Exactly as they stand, set down the following records once more.

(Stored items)
- Opening Delimiter -

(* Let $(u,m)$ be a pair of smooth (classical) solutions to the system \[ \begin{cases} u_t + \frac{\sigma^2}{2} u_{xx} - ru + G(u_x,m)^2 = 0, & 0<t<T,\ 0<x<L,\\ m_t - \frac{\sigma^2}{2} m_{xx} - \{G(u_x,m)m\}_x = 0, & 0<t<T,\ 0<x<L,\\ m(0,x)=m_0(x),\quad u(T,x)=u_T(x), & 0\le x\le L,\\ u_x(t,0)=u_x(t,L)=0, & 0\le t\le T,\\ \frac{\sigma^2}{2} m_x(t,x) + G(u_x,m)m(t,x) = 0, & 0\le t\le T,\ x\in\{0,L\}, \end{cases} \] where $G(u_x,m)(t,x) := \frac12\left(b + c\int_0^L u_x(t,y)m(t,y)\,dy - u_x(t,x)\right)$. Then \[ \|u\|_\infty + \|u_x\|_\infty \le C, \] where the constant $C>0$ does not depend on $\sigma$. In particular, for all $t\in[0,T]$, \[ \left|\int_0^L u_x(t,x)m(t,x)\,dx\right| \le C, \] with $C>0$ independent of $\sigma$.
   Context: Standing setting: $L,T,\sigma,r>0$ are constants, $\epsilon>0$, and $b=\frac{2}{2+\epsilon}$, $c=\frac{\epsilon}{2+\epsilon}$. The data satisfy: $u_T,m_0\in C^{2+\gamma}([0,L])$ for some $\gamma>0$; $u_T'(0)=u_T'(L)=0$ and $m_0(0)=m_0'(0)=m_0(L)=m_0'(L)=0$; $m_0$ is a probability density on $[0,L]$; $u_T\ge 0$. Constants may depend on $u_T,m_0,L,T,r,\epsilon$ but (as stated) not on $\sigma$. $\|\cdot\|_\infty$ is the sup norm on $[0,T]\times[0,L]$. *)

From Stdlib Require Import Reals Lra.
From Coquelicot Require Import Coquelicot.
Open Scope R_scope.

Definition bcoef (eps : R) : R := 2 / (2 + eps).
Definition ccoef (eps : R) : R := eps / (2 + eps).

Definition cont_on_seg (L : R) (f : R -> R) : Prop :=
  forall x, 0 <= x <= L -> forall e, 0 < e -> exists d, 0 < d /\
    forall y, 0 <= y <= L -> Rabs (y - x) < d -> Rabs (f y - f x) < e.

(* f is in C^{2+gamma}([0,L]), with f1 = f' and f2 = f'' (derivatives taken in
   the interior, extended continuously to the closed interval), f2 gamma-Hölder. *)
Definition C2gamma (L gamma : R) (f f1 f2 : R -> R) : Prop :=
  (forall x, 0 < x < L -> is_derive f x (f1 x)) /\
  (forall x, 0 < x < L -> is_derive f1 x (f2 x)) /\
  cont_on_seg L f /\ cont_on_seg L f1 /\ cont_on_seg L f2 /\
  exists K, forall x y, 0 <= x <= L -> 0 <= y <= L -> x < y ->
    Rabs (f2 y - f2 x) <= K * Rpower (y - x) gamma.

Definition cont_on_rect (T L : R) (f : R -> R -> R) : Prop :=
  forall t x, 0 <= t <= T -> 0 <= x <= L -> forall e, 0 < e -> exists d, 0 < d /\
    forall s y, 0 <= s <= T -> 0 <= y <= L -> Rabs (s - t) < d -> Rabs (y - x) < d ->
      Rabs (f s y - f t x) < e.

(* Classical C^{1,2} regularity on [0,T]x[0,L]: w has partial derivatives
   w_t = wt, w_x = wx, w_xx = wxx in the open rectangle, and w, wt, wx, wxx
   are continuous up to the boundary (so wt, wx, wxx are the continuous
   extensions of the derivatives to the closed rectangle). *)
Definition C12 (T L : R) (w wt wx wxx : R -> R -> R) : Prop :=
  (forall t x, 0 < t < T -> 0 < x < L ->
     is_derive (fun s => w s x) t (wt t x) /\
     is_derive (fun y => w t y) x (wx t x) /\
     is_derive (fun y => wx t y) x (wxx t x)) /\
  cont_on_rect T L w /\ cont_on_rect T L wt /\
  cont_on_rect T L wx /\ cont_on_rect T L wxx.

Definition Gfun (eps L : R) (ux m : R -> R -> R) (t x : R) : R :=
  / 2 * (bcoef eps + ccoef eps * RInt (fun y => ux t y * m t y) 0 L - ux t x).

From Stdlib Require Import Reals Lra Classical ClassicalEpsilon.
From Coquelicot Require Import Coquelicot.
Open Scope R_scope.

- Closing Delimiter -

▶ **EXERCISE SOLUTION**:
(* Let $(u,m)$ be a pair of smooth (classical) solutions to the system \[ \begin{cases} u_t + \frac{\sigma^2}{2} u_{xx} - ru + G(u_x,m)^2 = 0, & 0<t<T,\ 0<x<L,\\ m_t - \frac{\sigma^2}{2} m_{xx} - \{G(u_x,m)m\}_x = 0, & 0<t<T,\ 0<x<L,\\ m(0,x)=m_0(x),\quad u(T,x)=u_T(x), & 0\le x\le L,\\ u_x(t,0)=u_x(t,L)=0, & 0\le t\le T,\\ \frac{\sigma^2}{2} m_x(t,x) + G(u_x,m)m(t,x) = 0, & 0\le t\le T,\ x\in\{0,L\}, \end{cases} \] where $G(u_x,m)(t,x) := \frac12\left(b + c\int_0^L u_x(t,y)m(t,y)\,dy - u_x(t,x)\right)$. Then \[ \|u\|_\infty + \|u_x\|_\infty \le C, \] where the constant $C>0$ does not depend on $\sigma$. In particular, for all $t\in[0,T]$, \[ \left|\int_0^L u_x(t,x)m(t,x)\,dx\right| \le C, \] with $C>0$ independent of $\sigma$.
   Context: Standing setting: $L,T,\sigma,r>0$ are constants, $\epsilon>0$, and $b=\frac{2}{2+\epsilon}$, $c=\frac{\epsilon}{2+\epsilon}$. The data satisfy: $u_T,m_0\in C^{2+\gamma}([0,L])$ for some $\gamma>0$; $u_T'(0)=u_T'(L)=0$ and $m_0(0)=m_0'(0)=m_0(L)=m_0'(L)=0$; $m_0$ is a probability density on $[0,L]$; $u_T\ge 0$. Constants may depend on $u_T,m_0,L,T,r,\epsilon$ but (as stated) not on $\sigma$. $\|\cdot\|_\infty$ is the sup norm on $[0,T]\times[0,L]$. *)

From Stdlib Require Import Reals Lra.
From Coquelicot Require Import Coquelicot.
Open Scope R_scope.

Definition bcoef (eps : R) : R := 2 / (2 + eps).
Definition ccoef (eps : R) : R := eps / (2 + eps).

Definition cont_on_seg (L : R) (f : R -> R) : Prop :=
  forall x, 0 <= x <= L -> forall e, 0 < e -> exists d, 0 < d /\
    forall y, 0 <= y <= L -> Rabs (y - x) < d -> Rabs (f y - f x) < e.

(* f is in C^{2+gamma}([0,L]), with f1 = f' and f2 = f'' (derivatives taken in
   the interior, extended continuously to the closed interval), f2 gamma-Hölder. *)
Definition C2gamma (L gamma : R) (f f1 f2 : R -> R) : Prop :=
  (forall x, 0 < x < L -> is_derive f x (f1 x)) /\
  (forall x, 0 < x < L -> is_derive f1 x (f2 x)) /\
  cont_on_seg L f /\ cont_on_seg L f1 /\ cont_on_seg L f2 /\
  exists K, forall x y, 0 <= x <= L -> 0 <= y <= L -> x < y ->
    Rabs (f2 y - f2 x) <= K * Rpower (y - x) gamma.

Definition cont_on_rect (T L : R) (f : R -> R -> R) : Prop :=
  forall t x, 0 <= t <= T -> 0 <= x <= L -> forall e, 0 < e -> exists d, 0 < d /\
    forall s y, 0 <= s <= T -> 0 <= y <= L -> Rabs (s - t) < d -> Rabs (y - x) < d ->
      Rabs (f s y - f t x) < e.

(* Classical C^{1,2} regularity on [0,T]x[0,L]: w has partial derivatives
   w_t = wt, w_x = wx, w_xx = wxx in the open rectangle, and w, wt, wx, wxx
   are continuous up to the boundary (so wt, wx, wxx are the continuous
   extensions of the derivatives to the closed rectangle). *)
Definition C12 (T L : R) (w wt wx wxx : R -> R -> R) : Prop :=
  (forall t x, 0 < t < T -> 0 < x < L ->
     is_derive (fun s => w s x) t (wt t x) /\
     is_derive (fun y => w t y) x (wx t x) /\
     is_derive (fun y => wx t y) x (wxx t x)) /\
  cont_on_rect T L w /\ cont_on_rect T L wt /\
  cont_on_rect T L wx /\ cont_on_rect T L wxx.

Definition Gfun (eps L : R) (ux m : R -> R -> R) (t x : R) : R :=
  / 2 * (bcoef eps + ccoef eps * RInt (fun y => ux t y * m t y) 0 L - ux t x).

From Stdlib Require Import Reals Lra Classical ClassicalEpsilon.
From Coquelicot Require Import Coquelicot.
Open Scope R_scope.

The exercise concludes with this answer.